▶ Instructions for the task:
Your answer should consist of the lines in the following data that contain "split".

▶ Task data:
Lemma wedge_gen_id i : wedge (gen C i) (gen C i) = 0.
Proof.
apply/ffunP => U; rewrite wedgeE ffunE big1 // => S _; rewrite big1 // => T _.
rewrite /wedge_coef !ffunE.
case: (S =P [set i]) => [->|]; last by rewrite !mulr0 mul0r.
case: (T =P [set i]) => [->|]; last by rewrite mulr0.
by rewrite disjoints1 set11 !mul0r.
Qed.

Lemma wedge_genC i j : wedge (gen C i) (gen C j) = - wedge (gen C j) (gen C i).
Proof.
rewrite (wedgeC_homogeneous (homogeneous_gen i) (homogeneous_gen j)).
by rewrite scaleN1r.
Qed.

Lemma wedge_gen2_genl i j : wedge (wedge (gen C i) (gen C j)) (gen C i) = 0.
Proof.
by rewrite wedgeA wedge_genC wedgeNr -wedgeA wedge_gen_id wedge0l oppr0.
Qed.

Lemma wedge_gen2_genr i j : wedge (wedge (gen C i) (gen C j)) (gen C j) = 0.
Proof. by rewrite wedgeA wedge_gen_id wedge0r. Qed.

Section SpanOfTwoGenerators.
Variables (i j : 'I_5) (x y : C).
Let E := wedge (gen C i) (gen C j).
Let alpha := x *: gen C i - y *: gen C j.

Let homogeneousE : homogeneous 2 E.
Proof. exact: homogeneous_wedge (homogeneous_gen i) (homogeneous_gen j). Qed.

Let homogeneous_alpha : homogeneous 1 alpha.
Proof. by apply: homogeneousB; apply: homogeneousZ; apply: homogeneous_gen. Qed.

Lemma wedge_gen2_span : wedge E alpha = 0.
Proof.
by rewrite wedgeBr !wedgeZr wedge_gen2_genl wedge_gen2_genr !scaler0 subr0.
Qed.

Lemma wedge_span_id : wedge alpha alpha = 0.
Proof.
rewrite wedgeBl !wedgeBr !wedgeZl !wedgeZr !wedge_gen_id (wedge_genC j i).
by rewrite !scaler0 sub0r subr0 !scalerN !scalerA mulrC opprK addNr.
Qed.

Lemma wedge_span_pair_eq0 k1 k2 a1 a2 : homogeneous 1 a1 -> homogeneous 1 a2 ->
  wedge (k1 *: E + wedge a1 alpha) (k2 *: E + wedge a2 alpha) = 0.
Proof.
move=> ha1 ha2.
have EE : wedge E E = 0 by rewrite {2}/E -wedgeA wedge_gen2_genl wedge0l.
have alphaE : wedge alpha E = 0.
  rewrite (wedgeC_homogeneous homogeneous_alpha homogeneousE).
  by rewrite wedge_gen2_span scaler0.
have E_a2alpha : wedge E (wedge a2 alpha) = 0.
  rewrite -wedgeA (wedgeC_homogeneous homogeneousE ha2) -signr_odd scale1r.
  by rewrite wedgeA wedge_gen2_span wedge0r.
have a1alpha_E : wedge (wedge a1 alpha) E = 0 by rewrite wedgeA alphaE wedge0r.
have a1alpha_a2alpha : wedge (wedge a1 alpha) (wedge a2 alpha) = 0.
  rewrite wedgeA -(wedgeA alpha) (wedgeC_homogeneous homogeneous_alpha ha2).
  by rewrite scaleN1r wedgeNl wedgeA wedge_span_id wedge0r oppr0 wedge0r.
rewrite wedgeDl (wedgeDr (k1 *: E)) (wedgeDr (wedge a1 alpha)).
rewrite !wedgeZl !wedgeZr EE E_a2alpha a1alpha_E a1alpha_a2alpha.
by rewrite !scaler0 !addr0.
Qed.

End SpanOfTwoGenerators.

Lemma bracket_gen i j : bracket (gen C i) (gen C j) (gen C i) (gen C j) =
  - 2%:R *: wedge (gen C i) (gen C j).
Proof.
by rewrite /bracket wedgeNr (wedge_genC j i) -opprD scaleNr scaler_nat mulr2n.
Qed.

Lemma bracket_cst_gen x1 x2 i j :
  bracket (cst x1) (cst x2) (gen C i) (gen C j) = x2 *: gen C i - x1 *: gen C j.
Proof. by rewrite /bracket wedgeNr !wedge_cstl addrC. Qed.

Lemma homogeneous_dzbar_sub vary i : homogeneous 1 (gen C i0 - dzdef R vary i).
Proof.
apply: homogeneousB; first exact: homogeneous_gen.
by case: vary; [exact: homogeneous_gen | move=> S _; rewrite ffunE].
Qed.

Lemma omegaXYE z w1 w2 zY dzY : omegaXY z w1 w2 zY dzY =
  - 2%:R *: ((z^* - zY^*)%C *: wedge (gen C i1) (gen C i2) +
             wedge (gen C i0 - dzY) (w2^*%C *: gen C i1 - w1^*%C *: gen C i2)).
Proof.
rewrite /omegaXY bracket_gen bracket_cst_gen wedge_cstl scalerDr !scalerA.
by rewrite mulrC scaleNr.
Qed.

End Exterior.

Theorem lemma1 (R : realType) (z w1 w2 z1 z2 : R[i]) (vary1 vary2 : bool) :
  distsq z w1 w2 z1 != 0 -> distsq z w1 w2 z2 != 0 ->
  wedge (propK z w1 w2 z1 (dzdef R vary1 i3))
        (propK z w1 w2 z2 (dzdef R vary2 i4)) = 0.
Proof.
move=> _ _; rewrite /propK wedgeZl wedgeZr !omegaXYE wedgeZl wedgeZr.
by rewrite wedge_span_pair_eq0 ?scaler0 //; apply: homogeneous_dzbar_sub.
Qed.
Lemma kap'_new : [/\ kap' a1 = ord0, kap' a2 = ord_max, kap' (sE' a1) = ord0
                  & kap' (sE' a2) = ord_max].
Proof.
have [a12 a13 a14 [a23 a24 a34]] := uniq4 new_uniq.
rewrite /kap' !extend_new ?new_notin ?inE ?eqxx ?orbT //.
rewrite (eq_sym a2) (eq_sym (sE' a2) a1) (eq_sym (sE' a2) (sE' a1)).
by rewrite (negbTE a12) (negbTE a23) (negbTE a14) (negbTE a34).
Qed.

Lemma mirror_joins i : joins ends' (sE' (if i then a1 else a2)) (sV' v)
                                   (iV (sV (if i then v1 else v2))).
Proof. by rewrite -sV'_iV; apply: joins_aut; case: i. Qed.

Lemma between_at_old x y : between ends' (iV x) (iV y) = iE @: between ends x y.
Proof.
exact: (between_old iV_inj iE_inj iE_joins v_new sv_new new_notin edge_cover
          a1_joins a2_joins (mirror_joins true) (mirror_joins false)).
Qed.

Lemma between_at_v y f : (f \in between ends' v y) =
  ((y == iV v1) && (f == a1)) || ((y == iV v2) && (f == a2)).
Proof.
exact: (between_new_vertex iE_joins v_new v_sv new_uniq new_notin edge_cover
          a1_joins a2_joins (mirror_joins true) (mirror_joins false)).
Qed.

Lemma between_at_sv y f : (f \in between ends' (sV' v) y) =
  ((y == iV (sV v1)) && (f == sE' a1)) || ((y == iV (sV v2)) && (f == sE' a2)).
Proof.
have rot_mem g : (g \in [:: sE' a1; sE' a2; a1; a2]) = (g \in [:: a1; a2; sE' a1; sE' a2]).
  exact: (mem_rot 2 [:: a1; a2; sE' a1; sE' a2]).
apply: (between_new_vertex iE_joins sv_new _ _ _ _ (mirror_joins true)
          (mirror_joins false) a1_joins a2_joins).
- by rewrite eq_sym.
- by rewrite -(rot_uniq 2).
- by move=> g; rewrite rot_mem; apply: new_notin.
- by move=> g; rewrite rot_mem.
Qed.

(* Old pairs keep their colouring; at v the colours are correct by the choice
   of q, and at s(v) by reflecting that choice. *)
Lemma kap'_colouring : framework_colouring ends' p' kap'.
Proof.
have [a12 _ _ [_ _ a34]] := uniq4 new_uniq.
have [ka1 ka2 ksa1 ksa2] := kap'_new.
have col_old x0 y0 : colouring_at ends' p' kap' (iV x0) (iV y0).
  rewrite /colouring_at between_at_old => Bne.
  have [inj img] : {in between ends x0 y0 &, injective kappa} /\
                   kappa @: between ends x0 y0 = fcols p x0 y0.
    by apply: kappa_col; apply: contraNneq Bne => ->; rewrite imset0.
  split.
    by move=> _ _ /imsetP [e1 He1 ->] /imsetP [e2 He2 ->]; rewrite !kap'_old => /inj ->.
  rewrite -imset_comp (eq_imset _ (g := kappa)); last by move=> e /=; rewrite kap'_old.
  by rewrite img /fcols !p'_old.
have col_v y : colouring_at ends' p' kap' v y.
  apply: (colouring_at_new_vertex between_at_v) => //.
  by rewrite p'_v !p'_old (inj_eq iV_inj).
have col_sv y : colouring_at ends' p' kap' (sV' v) y.
  apply: (colouring_at_new_vertex between_at_sv) => //.
  rewrite p'_sv !p'_old !(inj_eq iV_inj) (inj_eq (can_inj sV_invol)) !p_sym.
  exact: attachable_refl.
move=> x y; case: (vertex_cases x) => [[x0 ->]|[->|->]]; [|exact: col_v|exact: col_sv].
case: (vertex_cases y) => [[y0 ->]|[->|->]]; first exact: col_old.
- by apply: colouring_atC; exact: col_v.
- by apply: colouring_atC; exact: col_sv.
Qed.

Lemma kap'_classes : [set f | kap' f == ord0] = T1' /\ [set f | kap' f == ord_max] = T2'.
Proof.
have [a12 a13 a14 [a23 a24 a34]] := uniq4 new_uniq.
have [ka1 ka2 ksa1 ksa2] := kap'_new.
have old_neq e g : g \in [:: a1; a2; sE' a1; sE' a2] -> (iE e == g) = false.
  by move=> /new_notin g_new; rewrite eq_sym notin_codom_neq.
rewrite T1'_def T2'_def -kappa_T1 -kappa_T2; split; apply/setP => f; rewrite !inE.
all: case: (edge_cases edge_cover f) => [[e ->]|[] ->].
all: rewrite ?kap'_old ?mem_imset ?inE // ?old_neq ?inE ?eqxx ?orbT ?orbF //.
all: rewrite ?ka1 ?ka2 ?ksa1 ?ksa2 ?notin_codom_imset ?new_notin ?inE ?eqxx ?orbT //=.
all: by rewrite ?(eq_sym a2 a1) ?(eq_sym a2 (sE' a1)) ?(eq_sym (sE' a2) a1)
       ?(eq_sym (sE' a2) (sE' a1)) ?(eq_sym (sE' a1) a2)
       ?(negbTE a12) ?(negbTE a14) ?(negbTE a23) ?(negbTE a34).
Qed.

Lemma extension_realisation (tau_s : point -> point) :
  (forall x, tau_s x = refl k x) ->
  exists p'' : V' -> point,
    Cs_realisation ends' T1' T2' sV' p'' tau_s /\ (forall w, p'' (iV w) = p w).
Proof.
move=> tau_refl; exists p'; split; last exact: p'_old.
have [K1 K2] := kap'_classes.
split; first by exists k.
split; first exact: p'_injective.
split; first by move=> x; rewrite tau_refl p'_symmetric.
split; first exact: p'_injective.
split; first exact: colouring_well_positioned kap'_colouring.
by exists kap'; split; first exact: kap'_colouring.
Qed.

End Extension.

▶ Answer to the problem:
  split.
rewrite T1'_def T2'_def -kappa_T1 -kappa_T2; split; apply/setP => f; rewrite !inE.
move=> tau_refl; exists p'; split; last exact: p'_old.
split; first by exists k.
split; first exact: p'_injective.
split; first by move=> x; rewrite tau_refl p'_symmetric.
split; first exact: p'_injective.
split; first exact: colouring_well_positioned kap'_colouring.
by exists kap'; split; first exact: kap'_colouring.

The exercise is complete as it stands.